_Data supplied:_
****
(* Assume the standing hypotheses and let $\sigma\in(0,1)$. For $(x,\lambda)\in\mathcal B((x^*,\lambda^* ),\delta)$ with $x>0,\lambda>0$, let $(\Delta x^N,\Delta\lambda^N)$ be the Newton direction for $\mu^+=\sigma\mu$, and define for $i=1,\dots,n$ $$\Delta x_i^C=-x_i+\frac{\mu^+}{\lambda_i},\qquad \Delta\lambda_i^C=-\lambda_i+\frac{\mu^+}{x_i}.$$ Then for all $i$, $\Delta x_i^C-\Delta x_i^N=\frac{x_i}{\lambda_i}\Delta\lambda_i^N$ and $\Delta\lambda_i^C-\Delta\lambda_i^N=\frac{\lambda_i}{x_i}\Delta x_i^N$. Moreover, for every $C_1>0$ there exist $\rho>0$, $\bar\mu\in(0,\hat\mu]$ and $C>0$ such that for all $\mu\in(0,\bar\mu]$ and all $(x,\lambda)\in\mathcal B((x^*,\lambda^* ),\delta)$ with $x>0,\lambda>0$, $\|(x,\lambda)-(x^\mu,\lambda^\mu)\|<\rho$, $\|F_\mu(x,\lambda)\|\le C_1\mu$: $$|\Delta x_i^C-\Delta x_i^N|\le C\mu^2\ (i\in\mathcal A),\qquad |\Delta\lambda_i^C-\Delta\lambda_i^N|\le C\mu^2\ (i\in\mathcal I).$$
   Context: Problem: minimize $f(x)$ subject to $x\ge0$, $f:\mathbb R^n\to\mathbb R$ twice continuously differentiable with locally Lipschitz Hessian. Norms Euclidean; $e$ all-ones; $X=\mathrm{diag}(x)$, $\Lambda=\mathrm{diag}(\lambda)$; $F_\mu(x,\lambda)=\begin{bmatrix}\nabla f(x)-\lambda\\ \Lambda Xe-\mu e\end{bmatrix}$, $F'(x,\lambda)=\begin{bmatrix}\nabla^2f(x)&-I\\ \Lambda&X\end{bmatrix}$. The Newton direction for $\mu^+=\sigma\mu$ solves $F'(x,\lambda)(\Delta x^N,\Delta\lambda^N)=-F_{\mu^+}(x,\lambda)$. Standing hypotheses: $(x^*,\lambda^* )$ satisfies $\nabla f(x^* )=\lambda^*$, $x^*\ge0$, $\lambda^*\ge0$, $x_i^*\lambda_i^*=0$, $x^*+\lambda^*>0$, $[\nabla^2f(x^* )]_{\mathcal I\mathcal I}\succ0$, where $\mathcal A=\{i:x^*_i=0\}$, $\mathcal I=\{i:x_i^*>0\}$. $\delta>0$: $F'$ nonsingular on $\mathcal B((x^*,\lambda^* ),\delta)$ with $\|F'^{-1}\|\le M$; $\hat\mu>0$: for $\mu\in(0,\hat\mu]$ a Lipschitz barrier trajectory $(x^\mu,\lambda^\mu)\in\mathcal B((x^*,\lambda^* ),\delta)$ with $F_\mu(x^\mu,\lambda^\mu)=0$, $\|(x^\mu,\lambda^\mu)-(x^*,\lambda^* )\|\le C_4\mu$ exists. *)

From HB Require Import structures.
From mathcomp Require Import all_boot all_order all_algebra.
From mathcomp Require Import all_classical all_reals all_analysis.
Set Implicit Arguments. Unset Strict Implicit. Unset Printing Implicit Defensive.
Import Order.TTheory GRing.Theory Num.Theory.
Import numFieldNormedType.Exports.
Local Open Scope ring_scope.

Section Defs.
Variable R : realType.
Variable n : nat.
Local Notation vec := 'cV[R]_n.

Definition enorm m (v : 'cV[R]_m) : R := Num.sqrt (\sum_(i < m) (v i 0) ^+ 2).

Definition pdist (x l y k : vec) : R := enorm (col_mx x l - col_mx y k).

Definition ebasis (i : 'I_n) : vec := delta_mx i 0.

Definition grad (f : vec -> R) (x : vec) : vec :=
  \col_i derive f x (ebasis i).
Definition hess (f : vec -> R) (x : vec) : 'M[R]_n :=
  \matrix_(i, j) derive (fun y => grad f y i 0) x (ebasis j).

Definition C2_locLipHess (f : vec -> R) : Prop :=
  (forall x, differentiable f x) /\
  (forall x, differentiable (grad f) x) /\
  continuous (hess f) /\
  (forall x, exists r : R, exists L : R, 0 < r /\
     forall y z, `|y - x| < r -> `|z - x| < r ->
        `|hess f y - hess f z| <= L * `|y - z|).

Definition Fmu (f : vec -> R) (mu : R) (x l : vec) : 'cV[R]_(n + n) :=
  col_mx (grad f x - l) (\col_i (l i 0 * x i 0 - mu)).

Definition Fprime (f : vec -> R) (x l : vec) : 'M[R]_(n + n) :=
  block_mx (hess f x) (- 1%:M) (diag_mx l^T) (diag_mx x^T).

Definition vpos (v : vec) : Prop := forall i, 0 < v i 0.

Definition standing_hyps (f : vec -> R) (xs ls : vec) (delta M muhat C4 : R)
  (xmu lmu : R -> vec) : Prop :=
  C2_locLipHess f /\
  grad f xs = ls /\
  (forall i, 0 <= xs i 0) /\ (forall i, 0 <= ls i 0) /\
  (forall i, xs i 0 * ls i 0 = 0) /\
  (forall i, 0 < xs i 0 + ls i 0) /\
  (* [hess f(xs)]_{II} positive definite, I = {i : x*_i > 0} *)
  (forall v : vec, v != 0 -> (forall i, xs i 0 = 0 -> v i 0 = 0) ->
      0 < (v^T *m hess f xs *m v) 0 0) /\
  0 < delta /\
  (forall x l, pdist x l xs ls < delta ->
     Fprime f x l \in unitmx /\
     forall w : 'cV[R]_(n + n), enorm (invmx (Fprime f x l) *m w) <= M * enorm w) /\
  0 < muhat /\
  (forall mu, 0 < mu <= muhat ->
     vpos (xmu mu) /\ vpos (lmu mu) /\
     pdist (xmu mu) (lmu mu) xs ls < delta /\
     Fmu f mu (xmu mu) (lmu mu) = 0 /\
     pdist (xmu mu) (lmu mu) xs ls <= C4 * mu) /\
  (exists L : R, forall mu1 mu2, 0 < mu1 <= muhat -> 0 < mu2 <= muhat ->
     pdist (xmu mu1) (lmu mu1) (xmu mu2) (lmu mu2) <= L * `|mu1 - mu2|).

End Defs.

From HB Require Import structures.
From mathcomp Require Import all_boot all_order all_algebra.
From mathcomp Require Import all_classical all_reals all_analysis.
From mathcomp Require Import ring lra.
Import Order.TTheory GRing.Theory Num.Theory.
Import numFieldNormedType.Exports.
Set Implicit Arguments. Unset Strict Implicit.
Local Open Scope ring_scope.

(* The last n rows of the Newton system F'(x,l) d = -F_{sigma mu}(x,l) read,
   componentwise, l_i dx_i + x_i dl_i = sigma mu - l_i x_i.  Solving this
   scalar relation for dx_i (resp. dl_i) gives the two identities of part 1
   (lemma [centering_gap]); they are symmetric under (x,dx) <-> (l,dl).

   For part 2 write the gap as (x_i/l_i) dl_i.  Three estimates make it O(mu^2)
   on the active set A (and symmetrically (l_i/x_i) dx_i on I):
   - x_i l_i <= (1 + C1) mu, read off the last rows of ||F_mu(x,l)|| <= C1 mu;
   - ||(dx,dl)|| = ||F'^{-1} F_{sigma mu}|| = O(mu), since F_{sigma mu} differs
     from F_mu by at most mu in each entry (lemmas [enorm_Fmu_sigma] and
     [solution_bound]);
   - l_i >= m/2 for i in A (x_i >= m/2 for i in I), where m = min_i (xs_i + ls_i)
     > 0, because (x,l) is m/4-close to the trajectory point, itself within
     C4 mu <= m/4 of (xs,ls) ([coordinate_lower_bound]).
   Their combination is the scalar estimate [gap_estimate], applied per index
   in [gap_active] and [gap_inactive]; the theorem then only has to choose
   rho = m/4, mubar = min(muhat, m/(4(|C4|+1))) and the constant C. *)

Lemma fin_posmin (R : realFieldType) n (a : 'I_n -> R) :
  (forall i, 0 < a i) -> exists m : R, 0 < m /\ forall i, m <= a i.
Proof.
move=> a_pos; exists (\big[Num.min/1]_i a i); split.
  by apply: (big_ind (fun x => 0 < x)) => // x y x0 y0; rewrite lt_min x0.
by move=> i; rewrite (bigD1 i) //= ge_min lexx.
Qed.

Lemma centering_gap (R : fieldType) (a b da db s : R) :
  a != 0 -> b != 0 -> b * da + a * db = - (b * a - s) ->
  (- a + s / b) - da = a / b * db.
Proof.
move=> a0 b0 row.
have -> : da = (- (b * a - s) - a * db) / b by rewrite -row; field.
by field.
Qed.

(* If 0 <= a, a b <= q and b >= m/2 > 0, then the ratio a/b is at most
   4 q / m^2: this turns the O(mu) product and O(mu) step into O(mu^2). *)
Lemma ratio_bound (R : realFieldType) (a b d m q E : R) :
  0 < m -> m / 2 <= b -> 0 <= a -> a * b <= q -> `|d| <= E ->
  `|a / b * d| <= 4 * q / m ^+ 2 * E.
Proof.
move=> m0 hb a0 hab hd.
have b0 : 0 < b by lra.
have ab0 : 0 <= a / b by rewrite divr_ge0 // ltW.
rewrite normrM ger0_norm //; apply: ler_pM => //.
have -> : a / b = a * b / b ^+ 2 by field; apply: lt0r_neq0.
rewrite ler_pdivrMr ?exprn_gt0 //.
have -> : 4 * q / m ^+ 2 * b ^+ 2 = q * (2 * b / m) ^+ 2.
  by field; apply: lt0r_neq0.
have t1 : 1 <= 2 * b / m by rewrite ler_pdivlMr // mul1r; lra.
have : 1 <= (2 * b / m) ^+ 2 by rewrite expr_ge1 //; lra.
have : 0 <= a * b by rewrite mulr_ge0 // ltW.
nra.
Qed.

Lemma coordinate_lower_bound (R : realFieldType) (a b c m : R) :
  m <= c -> `|a - b| <= m / 4 -> `|b - c| <= m / 4 -> m / 2 <= a.
Proof.
by move=> mc; rewrite !ler_distlC => /andP [_ ab] /andP [_ bc]; lra.
Qed.

Lemma gap_estimate (R : realFieldType) (a b da db s m q E : R) :
  0 < a -> 0 < b -> b * da + a * db = - (b * a - s) ->
  0 < m -> m / 2 <= b -> a * b <= q -> `|db| <= E ->
  `|(- a + s / b) - da| <= 4 * q / m ^+ 2 * E.
Proof.
move=> a0 b0 row m0 hb hab hdb.
rewrite (centering_gap (lt0r_neq0 a0) (lt0r_neq0 b0) row).
exact: ratio_bound (ltW a0) hab hdb.
Qed.

Section EuclideanNorm.
Variable R : realType.

Lemma enorm_entry m (v : 'cV[R]_m) i : `|v i 0| <= enorm v.
Proof.
rewrite /enorm -sqrtr_sqr ler_sqrt; last first.
  by rewrite sumr_ge0 // => j _; exact: sqr_ge0.
by rewrite (bigD1 i) //= lerDl; apply: sumr_ge0 => j _; apply: sqr_ge0.
Qed.

Lemma enorm_sqr m (v : 'cV[R]_m) : enorm v ^+ 2 = \sum_(i < m) v i 0 ^+ 2.
Proof. by rewrite sqr_sqrtr // sumr_ge0 // => i _; apply: sqr_ge0. Qed.

Lemma enorm_ge0 m (v : 'cV[R]_m) : 0 <= enorm v.
Proof. exact: sqrtr_ge0. Qed.

Lemma enorm_opp m (v : 'cV[R]_m) : enorm (- v) = enorm v.
Proof.
by rewrite /enorm; congr Num.sqrt; apply: eq_bigr => i _; rewrite mxE sqrrN.
Qed.

Lemma enorm_perturb m (u v : 'cV[R]_m) (c : R) :
  (forall k, `|v k 0 - u k 0| <= c) ->
  enorm v ^+ 2 <= 2 * enorm u ^+ 2 + 2 * m%:R * c ^+ 2.
Proof.
move=> close; rewrite !enorm_sqr.
apply: (@le_trans _ _ (\sum_(k < m) (2 * u k 0 ^+ 2 + 2 * c ^+ 2))).
  apply: ler_sum => k _.
  have dk : (v k 0 - u k 0) ^+ 2 <= c ^+ 2.
    by rewrite -real_normK ?num_real // lerXn2r ?nnegrE // (le_trans _ (close k)).
  have -> : v k 0 = u k 0 + (v k 0 - u k 0) by ring.
  have := sqr_ge0 (u k 0 - (v k 0 - u k 0)); nra.
rewrite big_split /= -mulr_sumr sumr_const card_ord -mulr_natr; nra.
Qed.

Lemma pdist_x n (x l y k : 'cV[R]_n) i : `|x i 0 - y i 0| <= pdist x l y k.
Proof.
have := enorm_entry (col_mx x l - col_mx y k) (lshift n i).
by rewrite /pdist opp_col_mx add_col_mx col_mxEu !mxE.
Qed.

Lemma pdist_l n (x l y k : 'cV[R]_n) i : `|l i 0 - k i 0| <= pdist x l y k.
Proof.
have := enorm_entry (col_mx x l - col_mx y k) (rshift n i).
by rewrite /pdist opp_col_mx add_col_mx col_mxEd !mxE.
Qed.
****
_About this exercise:_ Set down, exactly as they appear above, all lines from the one that has "0 < m -> m / 2 <= b -> 0" down to the one that has "rewrite ler_pdivrMr ?exprn_gt0 //.", including those two and no others.

_Worked solution:_
  0 < m -> m / 2 <= b -> 0 <= a -> a * b <= q -> `|d| <= E ->
  `|a / b * d| <= 4 * q / m ^+ 2 * E.
Proof.
move=> m0 hb a0 hab hd.
have b0 : 0 < b by lra.
have ab0 : 0 <= a / b by rewrite divr_ge0 // ltW.
rewrite normrM ger0_norm //; apply: ler_pM => //.
have -> : a / b = a * b / b ^+ 2 by field; apply: lt0r_neq0.
rewrite ler_pdivrMr ?exprn_gt0 //.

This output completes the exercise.